The FDA did not offer any helpful suggestions on how to achieve this somewhat lofty goal. The ideas emerging were to store the data to "permanent media" (like a recordable CD) and then send that media to a third party vendor who would stow the media in a secure facility -- only to be retrieved if both a representative of the company and the FDA signed a request to retrieve the media.

This was a decent solution, but it didn't really help prove that the data on the removable media (I'll just use "CD" from here out) had not been tampered with or corrupted. Consider a hypothetical situation where a company wanted to hide some information that could cost them big financial losses and harm their reputation. I'm certain that they could find a way to secretly have the data at the storage facility either destroyed or modified. Or perhaps maybe in a less sinister scenario the data just happened to get corrupted by stray cosmic ray or one of those pesky scratches on the CD. There must be a better way to prove that the data had not been tampered with or corrupted.

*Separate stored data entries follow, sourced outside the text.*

(* Let $L$ be a finite distributive lattice such that $\widetilde L$ is a regular mosaic, and let $F:\bigcup_{x\in c(L)}\mathcal D_x(\mathcal J(L))\to\mathbb R$. Define $\widetilde F:\widetilde L\to\mathbb R$ by $\widetilde F(y,z):=F(1_{\eta(y)}-1_{\eta(z)})$, and let $\widetilde m:\widetilde L\to\mathbb R$ be its Möbius transform, i.e. the unique function with $\widetilde F(x,y)=\sum_{(z,t)\in\widetilde L,\,(z,t)\le(x,y)}\widetilde m(z,t)$ for all $(x,y)\in\widetilde L$. Then for every $f\in\widetilde{|L|}$, $$\overline F(f)=\sum_{(s,t)\in\widetilde L}\widetilde m(s,t)\Big[\min_{j\in\eta(s)}f^+(j)\ \wedge\ \min_{j\in\eta(t)}f^-(j)\Big],$$ where $f^+:=\max(f,0)$, $f^-:=\max(-f,0)$, $\wedge$ denotes minimum, and a minimum over the empty set is $1$.
   Context: $L$ has least element $\bot$ and greatest element $\top$; $\mathcal J(L)$ is its set of join-irreducible elements (elements covering exactly one element) with the induced order; $\eta(y):=\{j\in\mathcal J(L): j\le y\}$. $c(L)$ is the set of complemented elements ($x$ with some $x'$, unique, such that $x\wedge x'=\bot$, $x\vee x'=\top$). $\widetilde L:=\{(x,y)\in L^2: x\wedge y=\bot\}$ with the product order. $\widetilde L$ is a regular mosaic if every connected component of the Hasse diagram of $\mathcal J(L)$ has a least element. A map $g$ on $\mathcal J(L)$ is nonincreasing if $j\le j'$ implies $g(j)\ge g(j')$. For $x\in c(L)$: $\mathcal D_x(\mathcal J(L))$ is the set of maps $\xi:\mathcal J(L)\to\{-1,0,1\}$ with $|\xi|$ nonincreasing, $\xi\ge0$ on $\eta(x)$, $\xi\le0$ on $\eta(x')$; $\mathcal C_x(\mathcal J(L))$ is the set of maps $f:\mathcal J(L)\to[-1,1]$ with $|f|$ nonincreasing, $f\ge0$ on $\eta(x)$, $f\le0$ on $\eta(x')$; and $\widetilde{|L|}:=\bigcup_{x\in c(L)}\mathcal C_x(\mathcal J(L))$. For $f\in\widetilde{|L|}$, $|f|$ can be written uniquely as $|f|=\sum_{i=0}^p\alpha_i1_{X_i}$ with $X_0\subsetneq\cdots\subsetneq X_p$ downsets of $\mathcal J(L)$, $\alpha_i>0$, $\sum_i\alpha_i=1$; the (bipolar) natural extension is $\overline F(f):=\sum_{i=0}^p\alpha_iF(1_{X_i\cap\eta(x)}-1_{X_i\cap\eta(x')})$, where $x\in c(L)$ is any element with $f\in\mathcal C_x(\mathcal J(L))$ (the value does not depend on this choice). *)

From HB Require Import structures.
From mathcomp Require Import all_boot all_order all_algebra.
Set Implicit Arguments. Unset Strict Implicit. Unset Printing Implicit Defensive.
Import Order.TTheory GRing.Theory Num.Theory.
Lemma cpl_continuous_eq (B C : comPzRingType) (NB : nat -> set B) (NC : nat -> set C)
    (F G : completion NB -> completion NC) :
  lin_top NB -> lin_top NC ->
  lcontinuous (cpl_nbhd NB) (cpl_nbhd NC) F ->
  lcontinuous (cpl_nbhd NB) (cpl_nbhd NC) G ->
  (forall x, F (cpl_map NB x) = G (cpl_map NB x)) -> F = G.
Proof.
move=> hB hC Fc Gc FG; apply: funext => xi; apply: cpl_separated => // p.
have [bF [[_ [mF sF]] hF]] := Fc xi _ (open_cpl_nbhd hC p).
have [bG [[_ [mG sG]] hG]] := Gc xi _ (open_cpl_nbhd hC p).
have [k [skF skG]] := basis_directed hB mF mG.
have [x hx] := cpl_map_dense hB xi k.
have Fx := hF _ (sF _ (cpl_nbhdS hB skF hx)).
have Gx := hG _ (sG _ (cpl_nbhdS hB skG hx)).
have -> : F xi - G xi = (G (cpl_map NB x) - G xi) - (F (cpl_map NB x) - F xi).
  by rewrite FG; ring.
exact: idealB (cpl_nbhd_ideal hC p) Gx Fx.
Qed.

Section Lift.
Variables (B : comPzRingType) (N : nat -> set B).
Hypothesis hB : lin_top N.
Implicit Types (xi eta : completion N).

Definition lift_fun (D : B -> B) xi : set B -> set B :=
  fun b' => [set z | open_ideal N b' /\ exists n x,
    (forall y, N n y -> b' (D y)) /\ cval xi (N n) x /\ b' (z - D x)].

(* When [D] is not additive and continuous, [lift_fun D xi] may fail to be an element
   of the completion; [cpl_lift D] is then the identity, a junk value. *)
Definition cpl_lift (D : B -> B) xi : completion N :=
  if pselect (cpl_ax N (lift_fun D xi)) is left h then Cpl h else xi.

Section LiftMap.
Variable D : B -> B.
Hypotheses (DD : {morph D : x y / x + y}) (Dc : lcontinuous N N D).

Lemma lift_fun_ax xi : cpl_ax N (lift_fun D xi).
Proof.
split; [|split].
- by move=> b' nb'; apply/seteqP; split => z // [].
- move=> b' ob'; have [n hn] := lcontinuous_additive0 DD Dc ob'.
  have [x hx] := cval_ex xi (open_ideal_basis hB n).
  exists (D x); apply/seteqP; split => z /=; last by move=> hz; split => //; exists n, x.
  case=> _ [m [y [hm [hy hz]]]].
  have [k [skn skm]] := basis_directed hB n m.
  have [w hw] := cval_ex xi (open_ideal_basis hB k).
  have hxw := cval_diff (open_ideal_basis hB n) hx (cvalW hB skn hw).
  have hyw := cval_diff (open_ideal_basis hB m) hy (cvalW hB skm hw).
  have ib' : is_ideal b' by case: ob'.
  rewrite /coset /=; have -> : z - D x = (z - D y) + (D (y - w) - D (x - w)).
    by rewrite !(morph_addB DD); ring.
  by apply: idealD => //; apply: idealB => //; [apply: hm | apply: hn].
- move=> b1 b2 _ ob2 s12 z [_ [n [x [hn [hx hz]]]]]; split => //.
  by exists n, x; split; [move=> y /hn /s12 | split => //; apply: s12].
Qed.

The company didn't have a lot of time or budget to solve this particular problem so the solution had to be fairly simple.

The solution came to me within a day. In order to understand the solution I will first briefly explain what a "hash function" is. A hash function is a computing operation that when provided a chunk of data as input, the resulting output ("the hash" or "message digest") is a fingerprint of the original data. The important property of a hash function is if you provide the same input data you will always get the same hash value; and if you change any parts of that data a different hash value will be generated.

The first part of the solution was to take the data at the end of each week and compute the hash value and save that hash value. The data that was generated by these lab instruments was less than 650 megabytes every week. It took 10-20 minutes to compute the hash value. The resulting hash value is surprisingly small in size (128 bits).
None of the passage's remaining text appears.